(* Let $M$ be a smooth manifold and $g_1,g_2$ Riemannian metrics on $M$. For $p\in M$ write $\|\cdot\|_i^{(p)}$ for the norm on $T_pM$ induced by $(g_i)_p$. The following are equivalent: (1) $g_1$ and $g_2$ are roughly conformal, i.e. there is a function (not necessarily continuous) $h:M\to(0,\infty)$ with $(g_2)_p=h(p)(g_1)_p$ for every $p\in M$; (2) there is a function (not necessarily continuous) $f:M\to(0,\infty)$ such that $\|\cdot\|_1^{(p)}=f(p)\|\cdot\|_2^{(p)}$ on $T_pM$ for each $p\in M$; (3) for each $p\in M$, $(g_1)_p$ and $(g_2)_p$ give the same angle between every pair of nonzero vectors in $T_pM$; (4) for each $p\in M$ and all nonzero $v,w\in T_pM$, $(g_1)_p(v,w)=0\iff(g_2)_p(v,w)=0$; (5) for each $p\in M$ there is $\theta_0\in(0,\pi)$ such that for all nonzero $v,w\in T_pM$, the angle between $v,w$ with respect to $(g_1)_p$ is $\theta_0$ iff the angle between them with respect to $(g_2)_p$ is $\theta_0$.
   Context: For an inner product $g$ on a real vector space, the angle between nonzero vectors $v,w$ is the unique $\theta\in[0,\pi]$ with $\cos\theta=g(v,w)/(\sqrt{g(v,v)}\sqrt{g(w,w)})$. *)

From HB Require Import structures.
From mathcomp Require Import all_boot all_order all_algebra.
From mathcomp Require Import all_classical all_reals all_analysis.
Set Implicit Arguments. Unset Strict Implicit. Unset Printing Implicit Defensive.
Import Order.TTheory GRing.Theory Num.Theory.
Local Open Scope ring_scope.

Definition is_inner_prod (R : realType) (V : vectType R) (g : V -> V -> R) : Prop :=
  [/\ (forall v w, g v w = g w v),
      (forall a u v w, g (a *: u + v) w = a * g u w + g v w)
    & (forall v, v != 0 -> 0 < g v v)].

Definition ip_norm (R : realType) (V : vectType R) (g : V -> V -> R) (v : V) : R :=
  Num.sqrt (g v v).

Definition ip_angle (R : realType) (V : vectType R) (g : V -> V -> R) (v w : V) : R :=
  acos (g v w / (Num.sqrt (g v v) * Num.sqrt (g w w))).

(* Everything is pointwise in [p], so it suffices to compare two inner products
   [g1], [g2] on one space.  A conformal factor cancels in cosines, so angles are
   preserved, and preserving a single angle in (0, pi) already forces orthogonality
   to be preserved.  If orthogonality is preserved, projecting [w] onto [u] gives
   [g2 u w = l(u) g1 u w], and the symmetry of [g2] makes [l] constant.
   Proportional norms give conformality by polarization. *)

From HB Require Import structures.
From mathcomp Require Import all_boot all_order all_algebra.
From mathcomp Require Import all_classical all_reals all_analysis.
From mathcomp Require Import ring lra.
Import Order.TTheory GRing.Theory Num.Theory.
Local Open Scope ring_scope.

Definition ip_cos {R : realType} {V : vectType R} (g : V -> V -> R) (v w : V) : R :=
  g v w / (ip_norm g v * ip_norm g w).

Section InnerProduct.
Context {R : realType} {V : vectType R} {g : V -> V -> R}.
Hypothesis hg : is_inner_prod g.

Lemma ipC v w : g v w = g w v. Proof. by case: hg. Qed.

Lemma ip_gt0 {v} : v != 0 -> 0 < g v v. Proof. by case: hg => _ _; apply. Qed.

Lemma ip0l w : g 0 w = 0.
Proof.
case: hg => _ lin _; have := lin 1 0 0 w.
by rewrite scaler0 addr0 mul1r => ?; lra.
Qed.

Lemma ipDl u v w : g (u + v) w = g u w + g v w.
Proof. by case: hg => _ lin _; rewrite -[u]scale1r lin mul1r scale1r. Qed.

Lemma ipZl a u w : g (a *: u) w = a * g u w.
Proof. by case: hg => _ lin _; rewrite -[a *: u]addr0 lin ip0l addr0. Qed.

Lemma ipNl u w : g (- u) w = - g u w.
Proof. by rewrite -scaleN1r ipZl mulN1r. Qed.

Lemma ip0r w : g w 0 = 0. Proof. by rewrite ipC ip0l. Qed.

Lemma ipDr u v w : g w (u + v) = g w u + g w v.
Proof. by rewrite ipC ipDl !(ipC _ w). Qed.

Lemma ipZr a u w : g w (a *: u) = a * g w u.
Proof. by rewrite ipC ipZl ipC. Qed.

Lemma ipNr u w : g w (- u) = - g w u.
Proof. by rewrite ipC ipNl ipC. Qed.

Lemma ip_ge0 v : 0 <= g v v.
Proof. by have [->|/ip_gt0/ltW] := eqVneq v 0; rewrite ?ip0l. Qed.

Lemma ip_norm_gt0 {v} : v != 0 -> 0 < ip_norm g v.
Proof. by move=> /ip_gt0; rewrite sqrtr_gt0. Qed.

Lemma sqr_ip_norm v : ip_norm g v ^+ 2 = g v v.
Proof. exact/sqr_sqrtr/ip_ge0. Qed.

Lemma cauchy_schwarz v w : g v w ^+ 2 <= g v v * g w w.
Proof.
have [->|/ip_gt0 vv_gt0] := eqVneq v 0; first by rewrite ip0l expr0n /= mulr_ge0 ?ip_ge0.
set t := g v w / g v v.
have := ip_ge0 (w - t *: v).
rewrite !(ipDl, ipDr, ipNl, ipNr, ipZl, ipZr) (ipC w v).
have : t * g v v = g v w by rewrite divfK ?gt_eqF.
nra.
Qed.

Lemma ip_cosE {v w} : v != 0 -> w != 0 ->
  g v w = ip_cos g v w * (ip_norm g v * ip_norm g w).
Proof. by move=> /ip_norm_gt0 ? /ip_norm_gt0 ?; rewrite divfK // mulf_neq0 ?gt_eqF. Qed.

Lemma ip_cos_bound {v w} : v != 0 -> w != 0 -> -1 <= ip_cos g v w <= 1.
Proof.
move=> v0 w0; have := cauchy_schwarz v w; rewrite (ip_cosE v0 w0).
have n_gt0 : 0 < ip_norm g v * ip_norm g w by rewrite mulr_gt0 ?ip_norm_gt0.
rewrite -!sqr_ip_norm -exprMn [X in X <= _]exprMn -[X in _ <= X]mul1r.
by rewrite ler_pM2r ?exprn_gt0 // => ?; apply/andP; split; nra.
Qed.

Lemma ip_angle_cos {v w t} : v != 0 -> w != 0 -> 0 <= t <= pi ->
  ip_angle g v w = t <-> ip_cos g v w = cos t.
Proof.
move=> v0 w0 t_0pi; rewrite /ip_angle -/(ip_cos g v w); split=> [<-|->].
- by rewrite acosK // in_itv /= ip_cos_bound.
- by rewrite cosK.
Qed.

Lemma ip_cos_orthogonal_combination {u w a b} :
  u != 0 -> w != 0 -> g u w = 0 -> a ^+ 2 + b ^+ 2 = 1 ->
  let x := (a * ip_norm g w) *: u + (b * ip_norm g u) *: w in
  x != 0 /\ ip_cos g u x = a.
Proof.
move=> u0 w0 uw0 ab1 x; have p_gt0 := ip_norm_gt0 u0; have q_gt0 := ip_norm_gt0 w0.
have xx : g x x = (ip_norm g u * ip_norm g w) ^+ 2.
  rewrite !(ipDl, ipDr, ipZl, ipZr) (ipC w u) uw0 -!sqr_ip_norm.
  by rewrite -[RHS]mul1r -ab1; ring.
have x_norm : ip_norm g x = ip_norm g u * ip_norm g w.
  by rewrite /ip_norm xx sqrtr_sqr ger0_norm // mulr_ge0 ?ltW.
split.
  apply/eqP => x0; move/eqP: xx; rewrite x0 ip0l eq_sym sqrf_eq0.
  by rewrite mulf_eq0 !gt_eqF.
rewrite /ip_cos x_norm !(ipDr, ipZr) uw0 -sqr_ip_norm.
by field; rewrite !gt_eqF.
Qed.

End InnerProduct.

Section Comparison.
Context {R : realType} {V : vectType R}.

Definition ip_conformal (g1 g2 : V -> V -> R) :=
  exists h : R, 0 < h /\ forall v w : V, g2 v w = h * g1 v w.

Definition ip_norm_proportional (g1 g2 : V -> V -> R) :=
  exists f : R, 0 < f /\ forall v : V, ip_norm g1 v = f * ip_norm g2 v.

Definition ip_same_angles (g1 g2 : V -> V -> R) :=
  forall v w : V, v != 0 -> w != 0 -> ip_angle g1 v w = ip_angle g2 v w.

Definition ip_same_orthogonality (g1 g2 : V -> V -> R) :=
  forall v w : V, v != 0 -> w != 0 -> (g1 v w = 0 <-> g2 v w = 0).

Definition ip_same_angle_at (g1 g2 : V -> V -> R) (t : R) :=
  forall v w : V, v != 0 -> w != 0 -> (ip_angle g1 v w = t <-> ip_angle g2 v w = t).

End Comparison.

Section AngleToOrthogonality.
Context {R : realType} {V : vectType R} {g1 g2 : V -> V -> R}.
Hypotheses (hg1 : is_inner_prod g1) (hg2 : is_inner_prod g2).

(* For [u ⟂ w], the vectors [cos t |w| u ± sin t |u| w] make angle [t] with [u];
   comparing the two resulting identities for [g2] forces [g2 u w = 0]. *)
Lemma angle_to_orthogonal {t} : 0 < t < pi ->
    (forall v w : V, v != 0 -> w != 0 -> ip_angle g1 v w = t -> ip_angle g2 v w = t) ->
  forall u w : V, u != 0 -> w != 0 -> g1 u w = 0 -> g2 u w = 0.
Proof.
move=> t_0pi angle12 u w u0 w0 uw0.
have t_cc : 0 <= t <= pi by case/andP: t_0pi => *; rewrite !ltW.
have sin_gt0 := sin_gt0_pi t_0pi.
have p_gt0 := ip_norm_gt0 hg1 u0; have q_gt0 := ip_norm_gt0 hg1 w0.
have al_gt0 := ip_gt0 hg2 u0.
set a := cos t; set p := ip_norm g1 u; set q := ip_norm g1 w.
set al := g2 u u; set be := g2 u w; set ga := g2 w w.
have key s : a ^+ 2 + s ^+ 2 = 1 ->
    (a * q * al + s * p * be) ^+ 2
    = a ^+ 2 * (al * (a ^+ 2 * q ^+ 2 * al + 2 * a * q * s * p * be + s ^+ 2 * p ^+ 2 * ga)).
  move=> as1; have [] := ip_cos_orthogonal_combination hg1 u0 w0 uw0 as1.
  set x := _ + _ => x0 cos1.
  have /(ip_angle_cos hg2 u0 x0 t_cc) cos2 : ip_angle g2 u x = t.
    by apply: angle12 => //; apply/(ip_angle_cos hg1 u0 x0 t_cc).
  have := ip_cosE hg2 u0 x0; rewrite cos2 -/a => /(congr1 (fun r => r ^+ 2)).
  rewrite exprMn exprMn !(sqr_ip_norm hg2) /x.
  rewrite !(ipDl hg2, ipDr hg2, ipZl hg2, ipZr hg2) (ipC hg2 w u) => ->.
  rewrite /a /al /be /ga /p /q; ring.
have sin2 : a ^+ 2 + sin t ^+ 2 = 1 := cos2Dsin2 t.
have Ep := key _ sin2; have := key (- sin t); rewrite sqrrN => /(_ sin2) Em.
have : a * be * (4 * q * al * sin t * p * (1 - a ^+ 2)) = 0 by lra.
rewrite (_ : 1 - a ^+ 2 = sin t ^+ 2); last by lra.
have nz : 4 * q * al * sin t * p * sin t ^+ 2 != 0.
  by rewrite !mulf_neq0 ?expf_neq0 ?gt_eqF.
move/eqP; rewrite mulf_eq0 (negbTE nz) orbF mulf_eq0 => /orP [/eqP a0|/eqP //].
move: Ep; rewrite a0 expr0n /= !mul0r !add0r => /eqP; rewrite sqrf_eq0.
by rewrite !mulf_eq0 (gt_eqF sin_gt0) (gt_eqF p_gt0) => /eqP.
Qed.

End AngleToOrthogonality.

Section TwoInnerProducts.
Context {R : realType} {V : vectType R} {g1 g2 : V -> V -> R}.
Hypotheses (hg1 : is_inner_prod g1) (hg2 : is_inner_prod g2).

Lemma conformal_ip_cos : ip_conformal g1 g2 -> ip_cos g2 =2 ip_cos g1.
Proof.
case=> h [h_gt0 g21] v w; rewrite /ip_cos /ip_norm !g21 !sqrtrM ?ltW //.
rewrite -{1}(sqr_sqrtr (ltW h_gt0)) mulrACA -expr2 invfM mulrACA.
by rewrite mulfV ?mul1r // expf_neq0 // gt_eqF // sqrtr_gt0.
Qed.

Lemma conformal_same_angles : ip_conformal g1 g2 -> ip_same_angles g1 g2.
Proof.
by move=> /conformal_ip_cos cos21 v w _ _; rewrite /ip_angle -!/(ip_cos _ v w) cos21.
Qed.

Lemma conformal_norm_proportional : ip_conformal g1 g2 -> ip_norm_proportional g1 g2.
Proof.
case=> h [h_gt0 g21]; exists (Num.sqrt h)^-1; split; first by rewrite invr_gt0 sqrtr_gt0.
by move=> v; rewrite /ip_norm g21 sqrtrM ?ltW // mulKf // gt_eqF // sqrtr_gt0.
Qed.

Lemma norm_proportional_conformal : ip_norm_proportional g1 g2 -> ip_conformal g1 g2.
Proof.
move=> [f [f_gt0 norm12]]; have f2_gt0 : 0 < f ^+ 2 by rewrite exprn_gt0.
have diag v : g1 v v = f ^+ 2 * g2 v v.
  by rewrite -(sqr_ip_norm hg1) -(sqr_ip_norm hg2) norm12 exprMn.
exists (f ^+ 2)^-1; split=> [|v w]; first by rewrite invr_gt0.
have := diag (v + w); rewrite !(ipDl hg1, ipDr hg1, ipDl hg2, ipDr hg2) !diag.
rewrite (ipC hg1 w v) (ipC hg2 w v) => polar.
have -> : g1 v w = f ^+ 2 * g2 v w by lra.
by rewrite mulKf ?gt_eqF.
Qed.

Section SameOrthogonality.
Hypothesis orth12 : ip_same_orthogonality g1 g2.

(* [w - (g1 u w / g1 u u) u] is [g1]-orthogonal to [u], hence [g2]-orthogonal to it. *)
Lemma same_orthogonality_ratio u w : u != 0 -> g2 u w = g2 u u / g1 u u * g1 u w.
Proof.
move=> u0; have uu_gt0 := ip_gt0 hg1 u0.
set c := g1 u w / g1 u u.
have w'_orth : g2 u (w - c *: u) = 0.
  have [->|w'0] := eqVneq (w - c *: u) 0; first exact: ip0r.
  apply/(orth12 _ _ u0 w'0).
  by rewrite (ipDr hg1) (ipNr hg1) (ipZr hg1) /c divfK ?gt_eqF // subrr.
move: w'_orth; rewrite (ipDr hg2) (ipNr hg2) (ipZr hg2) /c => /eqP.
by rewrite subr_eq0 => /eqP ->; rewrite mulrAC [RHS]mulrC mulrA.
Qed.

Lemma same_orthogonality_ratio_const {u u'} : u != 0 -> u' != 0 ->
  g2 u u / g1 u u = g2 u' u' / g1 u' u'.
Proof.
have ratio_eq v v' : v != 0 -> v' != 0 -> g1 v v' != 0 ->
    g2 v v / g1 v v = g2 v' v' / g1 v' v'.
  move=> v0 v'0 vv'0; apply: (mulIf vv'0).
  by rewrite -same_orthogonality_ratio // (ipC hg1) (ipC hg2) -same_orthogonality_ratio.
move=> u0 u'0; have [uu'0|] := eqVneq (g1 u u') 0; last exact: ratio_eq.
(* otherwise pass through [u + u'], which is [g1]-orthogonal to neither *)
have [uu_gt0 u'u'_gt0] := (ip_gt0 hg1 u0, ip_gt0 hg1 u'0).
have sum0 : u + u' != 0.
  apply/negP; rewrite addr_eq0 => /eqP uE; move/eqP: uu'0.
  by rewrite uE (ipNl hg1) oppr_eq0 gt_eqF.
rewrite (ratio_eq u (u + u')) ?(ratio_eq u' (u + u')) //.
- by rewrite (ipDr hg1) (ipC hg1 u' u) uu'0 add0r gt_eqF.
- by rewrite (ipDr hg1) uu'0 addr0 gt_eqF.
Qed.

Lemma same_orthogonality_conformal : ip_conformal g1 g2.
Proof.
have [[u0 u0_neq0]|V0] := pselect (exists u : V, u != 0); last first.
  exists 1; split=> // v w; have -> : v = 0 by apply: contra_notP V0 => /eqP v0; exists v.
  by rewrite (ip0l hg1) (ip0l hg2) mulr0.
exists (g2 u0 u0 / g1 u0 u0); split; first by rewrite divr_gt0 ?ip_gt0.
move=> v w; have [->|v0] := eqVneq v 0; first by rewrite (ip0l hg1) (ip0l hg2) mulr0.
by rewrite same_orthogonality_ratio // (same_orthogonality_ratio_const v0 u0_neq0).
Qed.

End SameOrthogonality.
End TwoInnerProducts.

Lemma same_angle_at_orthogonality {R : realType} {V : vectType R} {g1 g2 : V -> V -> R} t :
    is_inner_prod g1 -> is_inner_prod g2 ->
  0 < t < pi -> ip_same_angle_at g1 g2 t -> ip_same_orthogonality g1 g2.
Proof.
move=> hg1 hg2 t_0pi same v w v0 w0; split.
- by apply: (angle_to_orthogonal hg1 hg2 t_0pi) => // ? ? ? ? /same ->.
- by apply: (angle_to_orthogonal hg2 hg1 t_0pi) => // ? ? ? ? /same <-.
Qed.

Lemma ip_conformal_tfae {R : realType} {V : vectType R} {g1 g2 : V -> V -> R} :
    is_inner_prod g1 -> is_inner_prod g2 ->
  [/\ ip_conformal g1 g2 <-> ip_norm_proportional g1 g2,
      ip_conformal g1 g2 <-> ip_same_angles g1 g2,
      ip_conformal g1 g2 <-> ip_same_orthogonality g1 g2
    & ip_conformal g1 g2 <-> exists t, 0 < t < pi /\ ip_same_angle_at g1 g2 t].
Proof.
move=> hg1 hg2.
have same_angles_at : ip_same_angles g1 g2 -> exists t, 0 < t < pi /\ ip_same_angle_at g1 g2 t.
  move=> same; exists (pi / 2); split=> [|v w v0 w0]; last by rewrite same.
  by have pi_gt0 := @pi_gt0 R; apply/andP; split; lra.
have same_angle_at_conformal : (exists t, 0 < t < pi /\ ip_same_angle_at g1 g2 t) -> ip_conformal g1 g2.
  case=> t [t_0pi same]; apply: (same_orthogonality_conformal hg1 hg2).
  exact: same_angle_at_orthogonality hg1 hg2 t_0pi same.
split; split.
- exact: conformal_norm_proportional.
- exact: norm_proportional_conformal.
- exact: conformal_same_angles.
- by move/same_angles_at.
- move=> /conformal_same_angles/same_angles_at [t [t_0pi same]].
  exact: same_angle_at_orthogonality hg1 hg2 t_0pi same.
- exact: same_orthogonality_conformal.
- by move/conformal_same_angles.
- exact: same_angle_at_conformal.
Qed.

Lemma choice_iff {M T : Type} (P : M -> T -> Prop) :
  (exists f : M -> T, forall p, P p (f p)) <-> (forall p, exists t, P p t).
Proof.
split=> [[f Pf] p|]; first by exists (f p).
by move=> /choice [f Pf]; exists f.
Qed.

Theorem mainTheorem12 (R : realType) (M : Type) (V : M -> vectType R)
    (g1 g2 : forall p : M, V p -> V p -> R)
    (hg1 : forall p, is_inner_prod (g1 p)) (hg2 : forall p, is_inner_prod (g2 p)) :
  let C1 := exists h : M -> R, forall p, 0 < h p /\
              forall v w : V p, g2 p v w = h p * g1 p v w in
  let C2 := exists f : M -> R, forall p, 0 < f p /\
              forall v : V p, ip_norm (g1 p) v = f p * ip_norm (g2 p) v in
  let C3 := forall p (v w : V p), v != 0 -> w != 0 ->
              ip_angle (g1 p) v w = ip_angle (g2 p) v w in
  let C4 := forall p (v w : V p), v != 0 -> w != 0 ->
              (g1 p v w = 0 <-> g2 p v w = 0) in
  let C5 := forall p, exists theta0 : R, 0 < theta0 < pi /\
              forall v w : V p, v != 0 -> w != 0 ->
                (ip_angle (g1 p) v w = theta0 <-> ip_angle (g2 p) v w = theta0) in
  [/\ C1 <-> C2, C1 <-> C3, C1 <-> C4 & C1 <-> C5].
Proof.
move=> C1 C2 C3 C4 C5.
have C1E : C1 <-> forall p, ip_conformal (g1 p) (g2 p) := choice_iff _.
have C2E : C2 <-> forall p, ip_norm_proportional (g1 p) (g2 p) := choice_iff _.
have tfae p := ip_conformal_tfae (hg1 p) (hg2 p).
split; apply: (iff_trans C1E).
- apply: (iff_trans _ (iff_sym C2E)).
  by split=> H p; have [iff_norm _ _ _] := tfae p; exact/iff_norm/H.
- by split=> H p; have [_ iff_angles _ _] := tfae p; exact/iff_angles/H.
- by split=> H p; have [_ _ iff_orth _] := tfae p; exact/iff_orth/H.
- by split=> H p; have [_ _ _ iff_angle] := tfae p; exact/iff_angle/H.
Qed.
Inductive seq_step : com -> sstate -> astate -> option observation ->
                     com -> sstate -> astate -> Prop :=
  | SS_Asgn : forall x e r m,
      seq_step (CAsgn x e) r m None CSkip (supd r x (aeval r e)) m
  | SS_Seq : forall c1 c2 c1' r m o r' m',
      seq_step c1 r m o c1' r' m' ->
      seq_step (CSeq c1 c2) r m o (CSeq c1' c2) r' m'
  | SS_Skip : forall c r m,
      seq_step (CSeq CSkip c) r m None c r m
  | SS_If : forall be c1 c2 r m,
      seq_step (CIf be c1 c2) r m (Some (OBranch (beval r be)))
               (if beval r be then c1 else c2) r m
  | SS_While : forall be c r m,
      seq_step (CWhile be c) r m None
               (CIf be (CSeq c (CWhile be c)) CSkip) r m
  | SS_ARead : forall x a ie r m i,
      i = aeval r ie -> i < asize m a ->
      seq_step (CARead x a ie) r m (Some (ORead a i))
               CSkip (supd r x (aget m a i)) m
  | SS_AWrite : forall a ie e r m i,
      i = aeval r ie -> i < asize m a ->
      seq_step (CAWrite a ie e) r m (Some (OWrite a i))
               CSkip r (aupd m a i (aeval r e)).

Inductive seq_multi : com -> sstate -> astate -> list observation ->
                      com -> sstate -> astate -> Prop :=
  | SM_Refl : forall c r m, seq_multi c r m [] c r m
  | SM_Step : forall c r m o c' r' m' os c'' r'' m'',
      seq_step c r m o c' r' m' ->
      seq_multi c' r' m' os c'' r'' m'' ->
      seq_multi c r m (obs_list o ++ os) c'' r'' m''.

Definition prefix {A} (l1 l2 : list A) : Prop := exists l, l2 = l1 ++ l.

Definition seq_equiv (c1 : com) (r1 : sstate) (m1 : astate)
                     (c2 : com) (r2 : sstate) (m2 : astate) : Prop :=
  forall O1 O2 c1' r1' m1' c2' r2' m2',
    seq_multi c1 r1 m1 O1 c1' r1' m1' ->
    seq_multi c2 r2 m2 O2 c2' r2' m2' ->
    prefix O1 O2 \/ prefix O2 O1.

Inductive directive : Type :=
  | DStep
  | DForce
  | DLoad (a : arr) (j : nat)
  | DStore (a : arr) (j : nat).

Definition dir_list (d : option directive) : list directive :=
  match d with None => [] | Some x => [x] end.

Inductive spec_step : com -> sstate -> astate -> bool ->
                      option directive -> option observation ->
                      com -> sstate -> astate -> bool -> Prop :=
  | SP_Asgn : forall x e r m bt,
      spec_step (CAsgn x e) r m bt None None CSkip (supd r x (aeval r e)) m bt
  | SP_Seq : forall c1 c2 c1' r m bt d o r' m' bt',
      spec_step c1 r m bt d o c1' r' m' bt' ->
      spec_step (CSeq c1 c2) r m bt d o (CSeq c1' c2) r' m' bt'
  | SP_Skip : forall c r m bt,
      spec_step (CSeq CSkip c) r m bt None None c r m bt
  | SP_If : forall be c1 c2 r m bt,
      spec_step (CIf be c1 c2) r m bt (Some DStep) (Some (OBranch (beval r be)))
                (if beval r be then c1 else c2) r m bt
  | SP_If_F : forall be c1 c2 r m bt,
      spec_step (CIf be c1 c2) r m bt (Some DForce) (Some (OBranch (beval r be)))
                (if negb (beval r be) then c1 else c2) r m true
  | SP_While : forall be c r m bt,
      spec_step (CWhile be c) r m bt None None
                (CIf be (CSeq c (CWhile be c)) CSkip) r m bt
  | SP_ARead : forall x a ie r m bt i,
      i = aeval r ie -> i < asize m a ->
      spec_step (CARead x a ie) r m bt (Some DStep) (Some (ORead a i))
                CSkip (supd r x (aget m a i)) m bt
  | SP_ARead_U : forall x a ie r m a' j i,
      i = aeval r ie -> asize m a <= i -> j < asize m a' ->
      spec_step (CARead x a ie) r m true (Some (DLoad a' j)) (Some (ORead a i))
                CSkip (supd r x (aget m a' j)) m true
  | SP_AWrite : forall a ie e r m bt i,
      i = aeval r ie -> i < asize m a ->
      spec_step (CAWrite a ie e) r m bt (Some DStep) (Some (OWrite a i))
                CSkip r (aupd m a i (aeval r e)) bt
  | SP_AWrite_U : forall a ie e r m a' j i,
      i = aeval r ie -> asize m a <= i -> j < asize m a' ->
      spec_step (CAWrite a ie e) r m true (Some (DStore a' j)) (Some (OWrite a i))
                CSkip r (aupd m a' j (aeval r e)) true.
● ● ● ● ● ● ●
Reproduce the lines of the entries above from the one with "have t_cc : 0" to the one with "move=> as1; have", both included, exactly and without any other line.

◆ **PROBLEM SOLUTION**:
have t_cc : 0 <= t <= pi by case/andP: t_0pi => *; rewrite !ltW.
have sin_gt0 := sin_gt0_pi t_0pi.
have p_gt0 := ip_norm_gt0 hg1 u0; have q_gt0 := ip_norm_gt0 hg1 w0.
have al_gt0 := ip_gt0 hg2 u0.
set a := cos t; set p := ip_norm g1 u; set q := ip_norm g1 w.
set al := g2 u u; set be := g2 u w; set ga := g2 w w.
have key s : a ^+ 2 + s ^+ 2 = 1 ->
    (a * q * al + s * p * be) ^+ 2
    = a ^+ 2 * (al * (a ^+ 2 * q ^+ 2 * al + 2 * a * q * s * p * be + s ^+ 2 * p ^+ 2 * ga)).
  move=> as1; have [] := ip_cos_orthogonal_combination hg1 u0 w0 uw0 as1.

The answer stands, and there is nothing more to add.